Article by Julia Bąk.
The already strained global oil and gas market is sent spiralling again as Russia wages barbaric war against Ukraine. The cost of an oil barrel soared above $105, after exceeding the exorbitant price of 100$ earlier this week, amidst the global conflict-induced anxiety.
The prices on the global oil and gas market have been gradually reaching new heights since the beginning of the pandemic, showing the signs of an inevitable increase even before the COVID-19 started. The highly anticipated shift towards green energy caused a sharp decline in expansion and exploration investments amongst non-renewable energy giants. As a result, we have seen a global investment in this sector cut in half from its 2014 $800bn levels. The natural decline in output which ensued, coupled with the majority of OPEC producers not being able to meet their production targets since July 2021 resulted in countries depleting their energy reserves. Currently, as the demand for energy rises to the pre-pandemic levels, we are inevitably facing energy shortages, which in turn cause skyrocketing prices.
The already-tight situation in the global energy market is now exacerbated by the violent conflict between Russia and Ukraine, started arbitrarily by Putin. Russia is the third biggest supplier of oil in the world and provides 40% of all European Union oil, making the continent highly dependent on its consistent supply. On the 22nd of February Germany, which is strongly dependent on Russia for its energy, halted the controversial NordStream 2 project. After Russia attacked Ukraine on Thursday 24th February, further sanctions are likely to follow from other European countries, as well as the United States. The heated geopolitical situation made the already elevated prices of a barrel of oil jump $10 over the recent week only.
Although the military operations are unlikely to directly affect the supply of gas that flows through Ukrainian territory, the energy prices are expected to rise even higher as a result of possible Russian economic retaliation. Faced with sanctions from other geopolitical powers, Putin is likely to use high oil and gas prices as a weapon, limiting its supply for European countries (which, according to Ursula von der Leyen, he has already been doing for the past couple of months). After a prolonged period of elevated energy prices, Russia has accumulated high reserves of capital, which would cushion it from the potential lack of funds from the West. This means that an energy shock from Putin is highly likely.

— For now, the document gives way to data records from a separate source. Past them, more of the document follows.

(* In the upper half-space model $\mathbb{H}^3=\{x_3>0\}$ with metric $\frac{1}{x_3^2}(dx_1^2+dx_2^2+dx_3^2)$, let $\gamma:[0,\infty)\to\mathbb{H}^3$, $\gamma(s)=(\gamma_1(s),0,\gamma_2(s))$, be a regular curve parametrized by hyperbolic arc length with $\gamma_1>0$, $\gamma_2>0$, and set $w_{-1}=\gamma_1/\gamma_2$ and $x_g(\gamma([0,s]))=\frac{1}{s}\int_0^s w_{-1}(t)\,dt$. Suppose there are $C>0$ and $s_0>0$ such that $x_g(\gamma([0,s]))\le C\,s$ for all $s\ge s_0$. Then the end of revolution $f(\theta,s)=R_\theta\gamma(s)$ is parabolic.
   Context: $R_\theta$ is the rotation of angle $\theta$ about the $x_3$-axis, $(x_1,x_2,x_3)\mapsto(x_1\cos\theta-x_2\sin\theta,x_1\sin\theta+x_2\cos\theta,x_3)$, which is an isometry of $\mathbb{H}^3$. The end carries the induced metric. An end is parabolic if every bounded harmonic function on it is determined by its boundary values. *)

From Stdlib Require Import Reals Lra.
From Coquelicot Require Import Coquelicot.
Open Scope R_scope.

(* Profile curve gamma(s) = (g1 s, 0, g2 s) in the upper half-space model. *)

(* Smoothness on [0, oo): derivatives of all orders exist at every s >= 0
   (functions are given on R; a smooth curve on [0,oo) always extends). *)
Definition smooth_on_half_line (g : R -> R) : Prop :=
  forall (n : nat) (s : R), 0 <= s -> ex_derive_n g n s.

Definition hyp_unit_speed (g1 g2 : R -> R) : Prop :=
  forall s, 0 <= s ->
    ((Derive g1 s) ^ 2 + (Derive g2 s) ^ 2) / (g2 s) ^ 2 = 1.

Definition w_m1 (g1 g2 : R -> R) (t : R) : R := g1 t / g2 t.

Definition x_g (g1 g2 : R -> R) (s : R) : R :=
  / s * RInt (w_m1 g1 g2) 0 s.

Definition fE1 (g1 g2 : R -> R) (th s : R) : R := g1 s * cos th.
Definition fE2 (g1 g2 : R -> R) (th s : R) : R := g1 s * sin th.
Definition fE3 (g1 g2 : R -> R) (th s : R) : R := g2 s.

Definition d_s (h : R -> R -> R) (th s : R) : R := Derive (fun t => h th t) s.
Definition d_th (h : R -> R -> R) (th s : R) : R := Derive (fun t => h t s) th.

Definition hyp_inner (x3 a1 a2 a3 b1 b2 b3 : R) : R :=
  (a1 * b1 + a2 * b2 + a3 * b3) / x3 ^ 2.

Definition met_E (g1 g2 : R -> R) (th s : R) : R :=
  hyp_inner (fE3 g1 g2 th s)
    (d_s (fE1 g1 g2) th s) (d_s (fE2 g1 g2) th s) (d_s (fE3 g1 g2) th s)
    (d_s (fE1 g1 g2) th s) (d_s (fE2 g1 g2) th s) (d_s (fE3 g1 g2) th s).
Definition met_F (g1 g2 : R -> R) (th s : R) : R :=
  hyp_inner (fE3 g1 g2 th s)
    (d_s (fE1 g1 g2) th s) (d_s (fE2 g1 g2) th s) (d_s (fE3 g1 g2) th s)
    (d_th (fE1 g1 g2) th s) (d_th (fE2 g1 g2) th s) (d_th (fE3 g1 g2) th s).
Definition met_G (g1 g2 : R -> R) (th s : R) : R :=
  hyp_inner (fE3 g1 g2 th s)
    (d_th (fE1 g1 g2) th s) (d_th (fE2 g1 g2) th s) (d_th (fE3 g1 g2) th s)
    (d_th (fE1 g1 g2) th s) (d_th (fE2 g1 g2) th s) (d_th (fE3 g1 g2) th s).
Definition met_det (g1 g2 : R -> R) (th s : R) : R :=
  met_E g1 g2 th s * met_G g1 g2 th s - (met_F g1 g2 th s) ^ 2.

(* Laplace-Beltrami operator of the induced metric, in divergence form:
   Delta u = 1/sqrt g * ( d_s (sqrt g (g^ss u_s + g^sth u_th))
                        + d_th (sqrt g (g^ths u_s + g^thth u_th)) ). *)
Definition laplace_beltrami (g1 g2 : R -> R) (u : R -> R -> R) (th s : R) : R :=
  let D := met_det g1 g2 in
  let flux_s := fun th' s' =>
    sqrt (D th' s') * (met_G g1 g2 th' s' * d_s u th' s'
                       - met_F g1 g2 th' s' * d_th u th' s') / D th' s' in
  let flux_th := fun th' s' =>
    sqrt (D th' s') * (met_E g1 g2 th' s' * d_th u th' s'
                       - met_F g1 g2 th' s' * d_s u th' s') / D th' s' in
  / sqrt (D th s) * (d_s flux_s th s + d_th flux_th th s).

Definition C2_at (u : R -> R -> R) (th s : R) : Prop :=
  ex_derive (fun t => u th t) s /\ ex_derive (fun t => u t s) th /\
  ex_derive (fun t => d_s u th t) s /\ ex_derive (fun t => d_s u t s) th /\
  ex_derive (fun t => d_th u th t) s /\ ex_derive (fun t => d_th u t s) th /\
  continuity_2d_pt u th s /\
  continuity_2d_pt (d_s u) th s /\ continuity_2d_pt (d_th u) th s /\
  continuity_2d_pt (d_s (d_s u)) th s /\ continuity_2d_pt (d_th (d_s u)) th s /\
  continuity_2d_pt (d_s (d_th u)) th s /\ continuity_2d_pt (d_th (d_th u)) th s.

Definition continuous_on_end (u : R -> R -> R) : Prop :=
  forall th s, 0 <= s -> forall eps, 0 < eps -> exists delta, 0 < delta /\
    forall th' s', 0 <= s' -> Rabs (th' - th) < delta -> Rabs (s' - s) < delta ->
      Rabs (u th' s' - u th s) < eps.

(* Bounded harmonic function on the end S^1 x [0,oo) (theta is 2pi-periodic),
   harmonic in the interior s > 0, continuous up to the boundary s = 0. *)
Definition bounded_harmonic_on_end (g1 g2 : R -> R) (u : R -> R -> R) : Prop :=
  (forall th s, u (th + 2 * PI) s = u th s) /\
  (exists M, forall th s, 0 <= s -> Rabs (u th s) <= M) /\
  continuous_on_end u /\
  (forall th s, 0 < s -> C2_at u th s /\ laplace_beltrami g1 g2 u th s = 0).

Definition parabolic_end (g1 g2 : R -> R) : Prop :=
  forall u v : R -> R -> R,
    bounded_harmonic_on_end g1 g2 u -> bounded_harmonic_on_end g1 g2 v ->
    (forall th, u th 0 = v th 0) ->
    forall th s, 0 <= s -> u th s = v th s.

If the worst scenario materialises, and Russia cuts its energy supply for the EU, it will first affect the countries which rely on its supply the most. Those include Slovakia, Austria and parts of Italy, but also Germany which due to its decision to retreat from nuclear energy, is now highly reliant on imported natural sources of energy. The energy shortage caused by Russian absolute withdrawal would need to be recompensed with imported Liquified Natural Gas from countries such as the United States, Qatar, Egypt, and Azerbaijan. Those imports, bringing additional costs, coupled with depleted national energy stocks, would mean another fundamental increase in energy prices all over the continent.
Although the UK imports only 5% of its gas from Russia, the ripple effect caused by the rising energy prices in the rest of Europe would affect it, leaving the country in potentially worse condition than its continental counterparts. One of the reasons for that is the UK’s recent departure from the European Union. If the EU implements measures focused on swift imports of LNG, the UK which is now outside the alliance would be largely side-tracked, facing exponential costs connected to increased demand and scarce supply. On top of that, the UK has very limited energy storage potential, forcing it to import all of its energy “on the go” and pay the required price. This will inevitably contribute to the ongoing standard of living crisis, caused by inflation, Brexit and the post-pandemic reality.
In the light of the recent events, Europe is facing a deep political and economic crisis. The current fear of increased energy prices is a direct outcome of European dependency on Russia in the oil and gas sector, and the lack of diversification of its energy providers. The post-pandemic recovery which only now began to gain pace will be violently halted, and any further military aggression towards Ukraine will only add the economic pressure to already strained communities around Europe. The economic threat, however great, does not amount to the sheer terror of war tormenting Ukraine, tearing the current European peace and stability apart. In the war when there will be no winners, we may yet be faced with the enormous scale on which we will all lose.